• **THE TASK**: From the entries below, please output exactly the lines starting at the one containing "c.2 == w) c.1." and ending at the one containing "(* Pair both", both included.

====== MATERIAL SUPPLIED

(* Let $\mathbf{k}=(k_1,\ldots,k_n)$ be a sequence of positive integers. Then in $\mathfrak{h}_t^1$, $$\sum_{\sigma\in S_n}z_{k_{\sigma(1)}}\cdots z_{k_{\sigma(n)}}=\sum_{\Pi=\{P_1,\ldots,P_i\}\in\mathcal{P}_n}c_\Pi(t)\,z_{\mathbf{k},P_1}\ast_t\cdots\ast_t z_{\mathbf{k},P_i},$$ where $z_{\mathbf{k},P_j}=z_{\sum_{l\in P_j}k_l}$.
   Context: $t$ is a formal variable; $\mathfrak{h}_t=\mathbb{Q}[t]\langle x,y\rangle$ is the noncommutative polynomial algebra in letters $x,y$ ($1$ = empty word), $\mathfrak{h}^1_t=\mathbb{Q}[t]+\mathfrak{h}_ty$, $z_k=x^{k-1}y$. For a word $w$, $\delta(w)=1$ if $w=1$ and $0$ otherwise. The $t$-harmonic product $\ast_t$ on $\mathfrak{h}^1_t$ is the $\mathbb{Q}[t]$-bilinear product with $1\ast_t w=w\ast_t1=w$ and, for words $w_1,w_2\in\mathfrak{h}^1_t$ and $k,l\ge1$, $z_kw_1\ast_t z_lw_2=z_k(w_1\ast_t z_lw_2)+z_l(z_kw_1\ast_t w_2)+(1-2t)z_{k+l}(w_1\ast_t w_2)+[1-\delta(w_1)\delta(w_2)](t^2-t)x^{k+l}(w_1\ast_t w_2)$; it is commutative and associative. $S_n$ is the symmetric group, $\mathcal{P}_n$ the set of all set partitions of $\{1,\ldots,n\}$. For $m\ge1$, $c_m(t)=(m-1)!\,[t^m-(t-1)^m]$, and for $\Pi=\{P_1,\ldots,P_i\}\in\mathcal{P}_n$, $c_\Pi(t)=\prod_{j=1}^ic_{\#P_j}(t)$. *)

From mathcomp Require Import all_boot all_order all_algebra all_fingroup.
Set Implicit Arguments. Unset Strict Implicit. Unset Printing Implicit Defensive.
Import GRing.Theory.
Local Open Scope ring_scope.

(* Coefficient ring Q[t] = {poly rat}, t = 'X. *)
Notation Qt := {poly rat}.

(* Words of h^1_t written in the letters z_k: the sequence [:: k1; ...; kr]
   (all ki >= 1) stands for z_{k1} ... z_{kr}; [::] is the empty word 1. *)
Definition zword := seq nat.

(* The actual word in the letters x (false), y (true): z_k = x^(k-1) y. *)
Definition toxy (u : zword) : seq bool :=
  flatten [seq rcons (nseq k.-1 false) true | k <- u].

(* Elements of h_t are represented as formal Q[t]-linear combinations of words. *)
Definition elt := seq (Qt * zword).

Definition coef (p : elt) (w : seq bool) : Qt :=
  \sum_(c <- p | toxy c.2 == w) c.1.

Definition scale (a : Qt) (p : elt) : elt := [seq (a * c.1, c.2) | c <- p].

Definition zmul (k : nat) (p : elt) : elt := [seq (c.1, k :: c.2) | c <- p].

(* left multiplication by x^a, on words of h^1 that are nonempty:
   x^a z_m w = z_(a+m) w.  (Only ever applied to nonempty words.) *)
Definition xpow_w (a : nat) (u : zword) : zword :=
  match u with [::] => [:: a] | m :: r => (a + m) :: r end.
Definition xmul (a : nat) (p : elt) : elt := [seq (c.1, xpow_w a c.2) | c <- p].

Fixpoint tstar_w (u v : zword) {struct u} : elt :=
  match u with
  | [::] => [:: (1, v)]
  | k :: u' =>
    let fix aux (v : zword) : elt :=
      match v with
      | [::] => [:: (1, u)]
      | l :: v' =>
          zmul k (tstar_w u' v) ++ zmul l (aux v')
          ++ scale (1 - 2%:R * 'X) (zmul (k + l) (tstar_w u' v'))
          ++ (if (u' == [::]) && (v' == [::]) then [::]
              else scale ('X ^+ 2 - 'X) (xmul (k + l) (tstar_w u' v')))
      end in aux v
  end.

Definition tstar (p q : elt) : elt :=
  flatten [seq [seq (a.1 * b.1 * d.1, d.2) | d <- tstar_w a.2 b.2] | a <- p, b <- q].

Definition tstar_big (ps : seq elt) : elt := foldr tstar [:: (1, [::])] ps.

Definition cm (m : nat) : Qt := (m.-1)`!%:R * ('X ^+ m - ('X - 1) ^+ m).

Definition cPi (n : nat) (P : {set {set 'I_n}}) : Qt := \prod_(B in P) cm #|B|.

Definition zblock (n : nat) (k : 'I_n -> nat) (B : {set 'I_n}) : elt :=
  [:: (1, [:: \sum_(l in B) k l]%N)].

Definition set_partitions (n : nat) : seq {set {set 'I_n}} :=
  enum [set P : {set {set 'I_n}} | partition P [set: 'I_n]].

Definition lhs (n : nat) (k : 'I_n -> nat) : elt :=
  [seq ((1 : Qt), [seq k ((s : {perm 'I_n}) i) | i <- enum 'I_n]) | s : {perm 'I_n} <- enum [set: {perm 'I_n}]].

Definition rhs (n : nat) (k : 'I_n -> nat) : elt :=
  flatten [seq scale (cPi P) (tstar_big [seq zblock k B | B <- enum P])
          | P <- set_partitions n].

(* Pair both sides with an arbitrary functional [f] on words in the letters
   [z_k]; coefficients are the case of an indicator. For an index set [A], let
   L(k, A) be the sum of [f] over the words listing [k] along all orderings of
   [A], and R(k, A) the sum over set partitions of [A] of c_Π(t) times [f] at
   the [*_t]-product of the block letters; R is well defined because single
   letters commute for [*_t]. Since
     z_a *_t z_l w = z_a z_l w + z_l (z_a *_t w) + (1 - 2t) z_(a+l) w
                     + (t^2 - t) x^(a+l) w      (last term only if w <> 1),
   left multiplication by [z_(k x)] relates the families over [A :\ x] and [A]
   in the same way for L (insert [x] into an ordering) and for R (split a
   partition along the block of [x], count pointed blocks, and use
   c_(m+1) = [m = 0] - (1 - 2t) m c_m - (t^2 - t) m (m - 1) c_(m-1)).
   This recursion determines both from their values on smaller sets. *)

From mathcomp Require Import all_boot all_order all_algebra all_fingroup.
From mathcomp Require Import ring zify.
Set Implicit Arguments. Unset Strict Implicit. Unset Printing Implicit Defensive.
Import GRing.Theory.
Local Open Scope ring_scope.

Definition eval_elt (f : zword -> Qt) (p : elt) : Qt := \sum_(c <- p) c.1 * f c.2.

Lemma eval_elt0 f : eval_elt f [::] = 0.
Proof. exact: big_nil. Qed.

Lemma eval_elt_seq1 f a u : eval_elt f [:: (a, u)] = a * f u.
Proof. exact: big_seq1. Qed.

Lemma eval_elt_cat f p q : eval_elt f (p ++ q) = eval_elt f p + eval_elt f q.
Proof. exact: big_cat. Qed.

Lemma eval_elt_flatten f ps : eval_elt f (flatten ps) = \sum_(p <- ps) eval_elt f p.
Proof.
by elim: ps => [|p ps IH]; rewrite ?big_nil ?big_cons ?eval_elt0 // eval_elt_cat IH.
Qed.

Lemma eval_elt_zmul f a p : eval_elt f (zmul a p) = eval_elt (fun u => f (a :: u)) p.
Proof. exact: big_map. Qed.

Lemma eval_elt_scale f a p : eval_elt f (scale a p) = a * eval_elt f p.
Proof. by rewrite /eval_elt big_map mulr_sumr; apply: eq_bigr => c _; rewrite mulrA. Qed.

Lemma coef_eval_elt p w : coef p w = eval_elt (fun u => (toxy u == w)%:R) p.
Proof.
rewrite /coef /eval_elt big_mkcond; apply: eq_bigr => c _.
by case: eqP; rewrite ?mulr1 ?mulr0.
Qed.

============

• **WRITTEN RESPONSE**:
  \sum_(c <- p | toxy c.2 == w) c.1.

Definition scale (a : Qt) (p : elt) : elt := [seq (a * c.1, c.2) | c <- p].

Definition zmul (k : nat) (p : elt) : elt := [seq (c.1, k :: c.2) | c <- p].

(* left multiplication by x^a, on words of h^1 that are nonempty:
   x^a z_m w = z_(a+m) w.  (Only ever applied to nonempty words.) *)
Definition xpow_w (a : nat) (u : zword) : zword :=
  match u with [::] => [:: a] | m :: r => (a + m) :: r end.
Definition xmul (a : nat) (p : elt) : elt := [seq (c.1, xpow_w a c.2) | c <- p].

Fixpoint tstar_w (u v : zword) {struct u} : elt :=
  match u with
  | [::] => [:: (1, v)]
  | k :: u' =>
    let fix aux (v : zword) : elt :=
      match v with
      | [::] => [:: (1, u)]
      | l :: v' =>
          zmul k (tstar_w u' v) ++ zmul l (aux v')
          ++ scale (1 - 2%:R * 'X) (zmul (k + l) (tstar_w u' v'))
          ++ (if (u' == [::]) && (v' == [::]) then [::]
              else scale ('X ^+ 2 - 'X) (xmul (k + l) (tstar_w u' v')))
      end in aux v
  end.

Definition tstar (p q : elt) : elt :=
  flatten [seq [seq (a.1 * b.1 * d.1, d.2) | d <- tstar_w a.2 b.2] | a <- p, b <- q].

Definition tstar_big (ps : seq elt) : elt := foldr tstar [:: (1, [::])] ps.

Definition cm (m : nat) : Qt := (m.-1)`!%:R * ('X ^+ m - ('X - 1) ^+ m).

Definition cPi (n : nat) (P : {set {set 'I_n}}) : Qt := \prod_(B in P) cm #|B|.

Definition zblock (n : nat) (k : 'I_n -> nat) (B : {set 'I_n}) : elt :=
  [:: (1, [:: \sum_(l in B) k l]%N)].

Definition set_partitions (n : nat) : seq {set {set 'I_n}} :=
  enum [set P : {set {set 'I_n}} | partition P [set: 'I_n]].

Definition lhs (n : nat) (k : 'I_n -> nat) : elt :=
  [seq ((1 : Qt), [seq k ((s : {perm 'I_n}) i) | i <- enum 'I_n]) | s : {perm 'I_n} <- enum [set: {perm 'I_n}]].

Definition rhs (n : nat) (k : 'I_n -> nat) : elt :=
  flatten [seq scale (cPi P) (tstar_big [seq zblock k B | B <- enum P])
          | P <- set_partitions n].

(* Pair both sides with an arbitrary functional [f] on words in the letters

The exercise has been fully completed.